(* Let $n\ge 2$, let $M$ be an $(n-1)\times(n-1)$ circulant matrix over $R$, and let $\alpha,\beta,\gamma\in R$ with $\gamma=\beta$ or $\gamma=-\beta$. Let $B$ be the $n\times n$ bordered circulant matrix whose first row is $(\alpha,\beta,\dots,\beta)$, whose first column is $(\alpha,\gamma,\dots,\gamma)^T$, and whose lower-right $(n-1)\times(n-1)$ block is $M$. Then the linear code over $R$ generated by the rows of $[I_n\mid B]$ is a Euclidean isodual code of length $2n$ over $R$.
   Context: $R=\mathbb{Z}_4[v]/(v^2-v)$. Linear codes over $R$ are $R$-submodules of $R^N$; the Euclidean dual of $\mathcal{C}$ is $\mathcal{C}^\perp=\{\mathbf{x}:\sum_ix_ic_i=0\ \forall\mathbf{c}\in\mathcal{C}\}$. Two codes of length $N$ over $R$ are equivalent if one is obtained from the other by a permutation of coordinates followed by multiplication of some coordinates by units of $R$. A code is Euclidean isodual if it is equivalent to its Euclidean dual. A circulant matrix is one in which each row is the cyclic shift by one position to the right of the previous row. *)

From HB Require Import structures.
From mathcomp Require Import all_boot all_order all_algebra all_fingroup.
Set Implicit Arguments. Unset Strict Implicit. Unset Printing Implicit Defensive.
Import GRing.Theory.
Local Open Scope ring_scope.

(* The ring R = Z_4[v]/(v^2 - v): an element a + b v is represented by the
   pair of coefficients (a, b) in Z_4 x Z_4; multiplication uses v^2 = v:
   (a + b v)(c + d v) = ac + (ad + bc + bd) v. *)
Inductive Rv := MkR of 'Z_4 & 'Z_4.
Definition rv_a (x : Rv) := let: MkR a _ := x in a.
Definition rv_b (x : Rv) := let: MkR _ b := x in b.
Definition rv_to (x : Rv) : 'Z_4 * 'Z_4 := (rv_a x, rv_b x).
Definition rv_of (p : 'Z_4 * 'Z_4) : Rv := MkR p.1 p.2.
Lemma rv_toK : cancel rv_to rv_of. Proof. by case. Qed.
HB.instance Definition _ := Finite.copy Rv (can_type rv_toK).


Definition rv_zero := MkR 0 0.
Definition rv_one := MkR 1 0.
Definition rv_v := MkR 0 1.
Definition rv_add x y := MkR (rv_a x + rv_a y) (rv_b x + rv_b y).
Definition rv_opp x := MkR (- rv_a x) (- rv_b x).
Definition rv_mul x y :=
  MkR (rv_a x * rv_a y)
      (rv_a x * rv_b y + rv_b x * rv_a y + rv_b x * rv_b y).

Definition z4s : seq 'Z_4 := [:: 0; 1; 2%:R; 3%:R].
Lemma mem_z4s (x : 'Z_4) : x \in z4s.
Proof. by case: x => [[|[|[|[|n]]]] Hn] //; apply/orP; vm_compute. Qed.
Definition rvs : seq Rv := [seq MkR a b | a <- z4s, b <- z4s].
Lemma mem_rvs (x : Rv) : x \in rvs.
Proof. case: x => a b; apply/allpairsP; exists (a, b); by rewrite !mem_z4s. Qed.
Lemma all1 (P Q : Rv -> Rv) :
  all (fun x => P x == Q x) rvs -> forall x, P x = Q x.
Proof. by move=> /allP H x; apply/eqP/H/mem_rvs. Qed.
Lemma all2 (P Q : Rv -> Rv -> Rv) :
  all (fun x => all (fun y => P x y == Q x y) rvs) rvs -> forall x y, P x y = Q x y.
Proof. by move=> /allP H x y; move/allP: (H x (mem_rvs x)) => /(_ y (mem_rvs y))/eqP. Qed.
Lemma all3 (P Q : Rv -> Rv -> Rv -> Rv) :
  all (fun x => all (fun y => all (fun z => P x y z == Q x y z) rvs) rvs) rvs ->
  forall x y z, P x y z = Q x y z.
Proof.
move=> /allP H x y z; move/allP: (H x (mem_rvs x)) => /(_ y (mem_rvs y)).
by move/allP => /(_ z (mem_rvs z))/eqP.
Qed.

Lemma rv_addA : associative rv_add.
Proof. move=> x y z; apply (all3 (P := fun x y z => rv_add x (rv_add y z)) (Q := fun x y z => rv_add (rv_add x y) z)); vm_compute; reflexivity. Qed.

Lemma rv_addC : commutative rv_add.
Proof. move=> x y; apply (all2 (P := fun x y => rv_add x y) (Q := fun x y => rv_add y x)); vm_compute; reflexivity. Qed.

Lemma rv_add0 : left_id rv_zero rv_add.
Proof. move=> x; apply (all1 (P := fun x => rv_add rv_zero x) (Q := fun x => x)); vm_compute; reflexivity. Qed.

Lemma rv_addN : left_inverse rv_zero rv_opp rv_add.
Proof. move=> x; apply (all1 (P := fun x => rv_add (rv_opp x) x) (Q := fun x => rv_zero)); vm_compute; reflexivity. Qed.

HB.instance Definition _ := GRing.isZmodule.Build Rv rv_addA rv_addC rv_add0 rv_addN.

Lemma rv_mulA : associative rv_mul.
Proof. move=> x y z; apply (all3 (P := fun x y z => rv_mul x (rv_mul y z)) (Q := fun x y z => rv_mul (rv_mul x y) z)); vm_compute; reflexivity. Qed.

Lemma rv_mulC : commutative rv_mul.
Proof. move=> x y; apply (all2 (P := fun x y => rv_mul x y) (Q := fun x y => rv_mul y x)); vm_compute; reflexivity. Qed.

Lemma rv_mul1 : left_id rv_one rv_mul.
Proof. move=> x; apply (all1 (P := fun x => rv_mul rv_one x) (Q := fun x => x)); vm_compute; reflexivity. Qed.

Lemma rv_mulDl : left_distributive rv_mul rv_add.
Proof. move=> x y z; apply (all3 (P := fun x y z => rv_mul (rv_add x y) z) (Q := fun x y z => rv_add (rv_mul x z) (rv_mul y z))); vm_compute; reflexivity. Qed.

Lemma rv_one_neq0 : rv_one != rv_zero.
Proof. by vm_compute. Qed.
HB.instance Definition _ :=
  GRing.Zmodule_isComNzRing.Build Rv rv_mulA rv_mulC rv_mul1 rv_mulDl rv_one_neq0.

Lemma rv_vv : rv_v * rv_v = rv_v. Proof. by apply/eqP; vm_compute. Qed.

Definition rv_unit (r : Rv) : Prop := exists w : Rv, r * w = 1.

Definition code_gen (k N : nat) (G : 'M[Rv]_(k, N)) : {set 'rV[Rv]_N} :=
  [set x : 'rV[Rv]_N | [exists u : 'rV[Rv]_k, x == u *m G]].

Definition euclid_dual (N : nat) (C : {set 'rV[Rv]_N}) : {set 'rV[Rv]_N} :=
  [set x : 'rV[Rv]_N | [forall (c : 'rV[Rv]_N | c \in C), \sum_(i < N) x 0 i * c 0 i == 0]].

Definition code_equiv (N : nat) (C D : {set 'rV[Rv]_N}) : Prop :=
  exists (s : 'S_N) (u : 'I_N -> Rv), (forall i, rv_unit (u i)) /\
    D = [set \row_i (u i * c 0 (s i)) | c : 'rV[Rv]_N in C].

Definition euclid_isodual (N : nat) (C : {set 'rV[Rv]_N}) : Prop :=
  code_equiv C (euclid_dual C).

Definition circulant (m : nat) (M : 'M[Rv]_m) : Prop :=
  forall (i j : 'I_m) (Hi : (i.+1 < m)%N), M (Ordinal Hi) (ordS j) = M i j.

Definition bordered (m : nat) (a b c : Rv) (M : 'M[Rv]_m) : 'M[Rv]_m.+1 :=
  \matrix_(i, j)
    match unlift ord0 i, unlift ord0 j with
    | None, None => a
    | None, Some _ => b
    | Some _, None => c
    | Some i', Some j' => M i' j'
    end.

From mathcomp Require Import all_boot all_order all_algebra all_fingroup.
Set Implicit Arguments. Unset Strict Implicit. Unset Printing Implicit Defensive.
Import GRing.Theory.
Local Open Scope ring_scope.

(* The dual of the code generated by [I | A] is generated by [-A^T | I].  If a
   monomial matrix W (a permutation matrix with unit weights) satisfies
   A W = W A^T, then [I | A] [[0, -W], [W, 0]] = -W [-A^T | I]; the block
   matrix is again monomial and -W is invertible, so the code is equivalent to
   its dual.  For a circulant M, M_(i, j) = c_(j - i), the reflection j |-> -j
   of Z/(n-1) gives M_(i, -j) = c_(-i-j), symmetric in i and j; extending it
   by the fixed point 0 with weight e = +-1, where e gamma = beta, takes care
   of the border. *)

Section MonomialMatrix.
Variable R : pzRingType.

Definition monomial_mx N (s : 'S_N) (u : 'I_N -> R) : 'M[R]_N :=
  \matrix_(a, i) (if a == s i then u i else 0).

Lemma mulmx_monomialE p N (A : 'M[R]_(p, N)) s u i j :
  (A *m monomial_mx s u) i j = A i (s j) * u j.
Proof.
rewrite !mxE (bigD1 (s j)) //= mxE eqxx big1 ?addr0 // => a /negbTE neq_a.
by rewrite mxE neq_a mulr0.
Qed.

Lemma monomial_mulmxE p N (A : 'M[R]_(N, p)) s u i j :
  (monomial_mx s u *m A) i j = u (s^-1%g i) * A (s^-1%g i) j.
Proof.
rewrite !mxE (bigD1 (s^-1%g i)) //= mxE permKV eqxx big1 ?addr0 // => a neq_a.
by rewrite mxE eq_sym (canF_eq (permK s)) (negbTE neq_a) mul0r.
Qed.

Lemma trmx_monomial_mulmx N (s : 'S_N) (u w : 'I_N -> R) : (forall i, w i * u i = 1) ->
  (monomial_mx s w)^T *m monomial_mx s u = 1%:M.
Proof.
move=> wu1; apply/matrixP => a b.
rewrite mulmx_monomialE !mxE (inj_eq perm_inj) eq_sym.
by case: eqP => [->|_]; rewrite ?wu1 ?mul0r.
Qed.

Definition cross_fun N (s : 'S_N) (i : 'I_(N + N)) : 'I_(N + N) :=
  match split i with inl j => rshift N (s j) | inr j => lshift N (s j) end.

Lemma cross_fun_inj N (s : 'S_N) : injective (cross_fun s).
Proof.
move=> i1 i2; rewrite /cross_fun -[i1]splitK -[i2]splitK.
case: (split i1) => j1; case: (split i2) => j2; rewrite !unsplitK //=.
- by move/rshift_inj/perm_inj ->.
- by move/eqP; rewrite eq_rlshift.
- by move/eqP; rewrite eq_lrshift.
- by move/lshift_inj/perm_inj ->.
Qed.

Definition cross_perm N (s : 'S_N) : 'S_(N + N) := perm (@cross_fun_inj N s).

Definition cross_weight N (u : 'I_N -> R) (i : 'I_(N + N)) : R :=
  match split i with inl j => u j | inr j => - u j end.

Lemma monomial_mx_cross N (s : 'S_N) (u : 'I_N -> R) :
  monomial_mx (cross_perm s) (cross_weight u) =
  block_mx 0 (- monomial_mx s u) (monomial_mx s u) 0.
Proof.
apply/matrixP => a i; rewrite mxE permE /cross_fun /cross_weight.
rewrite -[a]splitK -[i]splitK.
case: (split a) => a'; case: (split i) => i'; rewrite !unsplitK.
- by rewrite block_mxEul mxE eq_lrshift.
- by rewrite block_mxEur !mxE (inj_eq (@lshift_inj _ _)); case: eqP; rewrite ?oppr0.
- by rewrite block_mxEdl mxE (inj_eq (@rshift_inj _ _)).
- by rewrite block_mxEdr mxE eq_rlshift.
Qed.

End MonomialMatrix.

Lemma rv_unit_opp (r : Rv) : rv_unit r -> rv_unit (- r).
Proof. by case=> w rw1; exists (- w); rewrite mulrNN. Qed.

Lemma row_monomial_mx N (s : 'S_N) (u : 'I_N -> Rv) (c : 'rV[Rv]_N) :
  \row_i (u i * c 0 (s i)) = c *m monomial_mx s u.
Proof. by apply/matrixP => a i; rewrite ord1 mulmx_monomialE mxE mulrC. Qed.

Section Codes.
Variables (k N : nat).
Implicit Type G : 'M[Rv]_(k, N).

Lemma code_equiv_monomial G (s : 'S_N) (u : 'I_N -> Rv) :
  (forall i, rv_unit (u i)) ->
  code_equiv (code_gen G) (code_gen (G *m monomial_mx s u)).
Proof.
move=> u_unit; exists s, u; split=> //; apply/setP => x.
apply/idP/imsetP => [|[c]].
- rewrite inE => /existsP[y /eqP ->]; exists (y *m G).
    by rewrite inE; apply/existsP; exists y.
  by rewrite row_monomial_mx mulmxA.
- rewrite inE => /existsP[y /eqP ->] ->.
  by rewrite inE row_monomial_mx -mulmxA; apply/existsP; exists y.
Qed.

Lemma code_gen_linv_mulmx (U V : 'M[Rv]_k) G :
  V *m U = 1%:M -> code_gen (U *m G) = code_gen G.
Proof.
move=> VU1; apply/setP => x; rewrite !inE.
apply/existsP/existsP => -[y /eqP ->].
- by exists (y *m U); rewrite mulmxA.
- by exists (y *m V); rewrite -mulmxA (mulmxA V) VU1 mul1mx.
Qed.

Lemma mem_euclid_dual_code_gen G x :
  (x \in euclid_dual (code_gen G)) = (x *m G^T == 0).
Proof.
have dotE (c : 'rV_N) : \sum_(i < N) x 0 i * c 0 i = (x *m c^T) 0 0.
  by rewrite mxE; apply: eq_bigr => i _; rewrite mxE.
rewrite inE; apply/forallP/eqP => [orth | xG0 c].
- apply/matrixP => a j; rewrite ord1 [RHS]mxE.
  have Gj_in : delta_mx 0 j *m G \in code_gen G.
    by rewrite inE; apply/existsP; exists (delta_mx 0 j).
  move/implyP/(_ Gj_in)/eqP: (orth (delta_mx 0 j *m G)).
  by rewrite dotE -rowE tr_row colE mulmxA -colE mxE.
- apply/implyP; rewrite inE => /existsP[y /eqP ->].
  by rewrite dotE trmx_mul mulmxA xG0 mul0mx mxE.
Qed.

End Codes.

Lemma euclid_dual_systematic k p (A : 'M[Rv]_(k, p)) :
  euclid_dual (code_gen (row_mx 1%:M A)) = code_gen (row_mx (- A^T) 1%:M).
Proof.
apply/setP => x; rewrite mem_euclid_dual_code_gen inE.
rewrite -[x]hsubmxK tr_row_mx trmx1 mul_row_col mulmx1 addr_eq0.
apply/eqP/existsP => [->|[y /eqP]].
- by exists (rsubmx x); rewrite mul_mx_row mulmxN mulmx1.
- by rewrite mul_mx_row mulmxN mulmx1 => /eq_row_mx[-> ->].
Qed.

Lemma isodual_systematic n (A : 'M[Rv]_n) (s : 'S_n) (u w : 'I_n -> Rv) :
  (forall i, w i * u i = 1) ->
  A *m monomial_mx s u = monomial_mx s u *m A^T ->
  euclid_isodual (code_gen (row_mx 1%:M A)).
Proof.
set W := monomial_mx s u => wu1 AW.
have cross : row_mx 1%:M A *m monomial_mx (cross_perm s) (cross_weight u) =
             - W *m row_mx (- A^T) 1%:M.
  rewrite monomial_mx_cross mul_row_block !mulmx0 !mul1mx add0r addr0 AW.
  by rewrite mul_mx_row mulmxN mulNmx opprK mulmx1.
rewrite /euclid_isodual euclid_dual_systematic.
rewrite -(@code_gen_linv_mulmx _ _ (- W) (- (monomial_mx s w)^T)
            (row_mx (- A^T) 1%:M)); last first.
  by rewrite mulNmx mulmxN opprK trmx_monomial_mulmx.
rewrite -cross; apply: code_equiv_monomial => i.
have u_unit j : rv_unit (u j) by exists (w j); rewrite mulrC.
by rewrite /cross_weight; case: (split i) => j //; apply: rv_unit_opp.
Qed.

Section Circulant.
Variable k : nat.
Local Notation m := k.+1.

Lemma ordS_addZp1 (j : 'I_m) : ordS j = j + inZp 1.
Proof. by apply/val_inj; rewrite /= modnDmr addn1. Qed.

Lemma circulantE (M : 'M[Rv]_m) : circulant M -> forall i j, M i j = M ord0 (j - i).
Proof.
move=> circM i j; move def_t: (val i) => t.
elim: t i j def_t => [|t IHt] i j def_t.
  have -> : i = ord0 by apply/val_inj.
  by rewrite subr0.
have lt_t : (t.+1 < m)%N by rewrite -def_t ltn_ord.
pose i' : 'I_m := Ordinal (ltnW lt_t).
have -> : i = Ordinal (lt_t : (i'.+1 < m)%N) by apply/val_inj.
rewrite -[j](ord_predK) circM IHt // ordS_addZp1.
have -> : Ordinal (lt_t : (i'.+1 < m)%N) = i' + inZp 1.
  by apply/val_inj; rewrite -ordS_addZp1 /= modn_small.
by rewrite opprD addrA addrAC addrK.
Qed.

Definition opp_perm : 'S_m := perm (@oppr_inj _).

Lemma opp_permE j : opp_perm j = - j.
Proof. by rewrite permE. Qed.

Lemma opp_permV : opp_perm^-1%g = opp_perm.
Proof. by apply/permP => x; apply: (@perm_inj _ opp_perm); rewrite permKV !permE opprK. Qed.

Lemma circulant_opp_sym (M : 'M[Rv]_m) : circulant M ->
  forall i j, M i (- j) = M j (- i).
Proof. by move=> circM i j; rewrite (circulantE circM i) (circulantE circM j) addrC. Qed.

Definition border_weight (e : Rv) (j : 'I_m.+1) : Rv := if j == ord0 then e else 1.

Lemma border_weight0 e : border_weight e ord0 = e.
Proof. by rewrite /border_weight eqxx. Qed.

Lemma border_weight_lift e j : border_weight e (lift ord0 j) = 1.
Proof. by rewrite /border_weight eq_sym (negbTE (neq_lift _ _)). Qed.

Definition border_perm : 'S_m.+1 := lift_perm ord0 ord0 opp_perm.

Lemma border_permV : border_perm^-1%g = border_perm.
Proof. by rewrite /border_perm lift_permV opp_permV. Qed.

Lemma bordered_monomial_intertwine (alpha beta gamma e : Rv) (M : 'M[Rv]_m) :
  circulant M -> e * gamma = beta ->
  let W := monomial_mx border_perm (border_weight e) in
  let B := bordered alpha beta gamma M in
  B *m W = W *m B^T.
Proof.
move=> circM eg W B; apply/matrixP => i j.
rewrite mulmx_monomialE monomial_mulmxE border_permV [B^T _ _]mxE /B /border_perm.
case: (unliftP ord0 i) => [i' ->|->]; case: (unliftP ord0 j) => [j' ->|->];
  rewrite ?lift_perm_lift ?lift_perm_id ?border_weight_lift ?border_weight0;
  rewrite !mxE ?liftK ?unlift_none ?opp_permE.
- by rewrite mulr1 mul1r circulant_opp_sym.
- by rewrite mul1r mulrC.
- by rewrite mulr1.
- by rewrite mulrC.
Qed.

End Circulant.

Lemma sign_of_eq_or_opp (R : pzRingType) (beta gamma : R) :
  gamma = beta \/ gamma = - beta -> exists2 e : R, e * e = 1 & e * gamma = beta.
Proof.
by case=> ->; [exists 1 | exists (-1)]; rewrite ?mulr1 ?mulrNN ?mul1r ?mulN1r ?opprK.
Qed.

Theorem mainTheorem9 (n : nat) (Hn : (2 <= n)%N) (M : 'M[Rv]_(n.-1))
  (alpha beta gamma : Rv) :
  circulant M -> (gamma = beta \/ gamma = - beta) ->
  euclid_isodual (code_gen (row_mx 1%:M (bordered alpha beta gamma M))).
Proof.
case: n Hn M => [|[|k]] // _ M circM /sign_of_eq_or_opp[e e2 eg].
apply: (isodual_systematic (u := border_weight e) (w := border_weight e)).
  by move=> j; rewrite /border_weight; case: eqP; rewrite ?mulr1.
exact: (bordered_monomial_intertwine alpha circM eg).
Qed.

-=-=-=-=-

From the entries above, return exactly the line containing "- by move/rshift_inj/perm_inj ->.", the line containing "match split i with inl j => u", and all lines between, and nothing else.

## Result of the exercise
- by move/rshift_inj/perm_inj ->.
- by move/eqP; rewrite eq_rlshift.
- by move/eqP; rewrite eq_lrshift.
- by move/lshift_inj/perm_inj ->.
Qed.

Definition cross_perm N (s : 'S_N) : 'S_(N + N) := perm (@cross_fun_inj N s).

Definition cross_weight N (u : 'I_N -> R) (i : 'I_(N + N)) : R :=
  match split i with inl j => u j | inr j => - u j end.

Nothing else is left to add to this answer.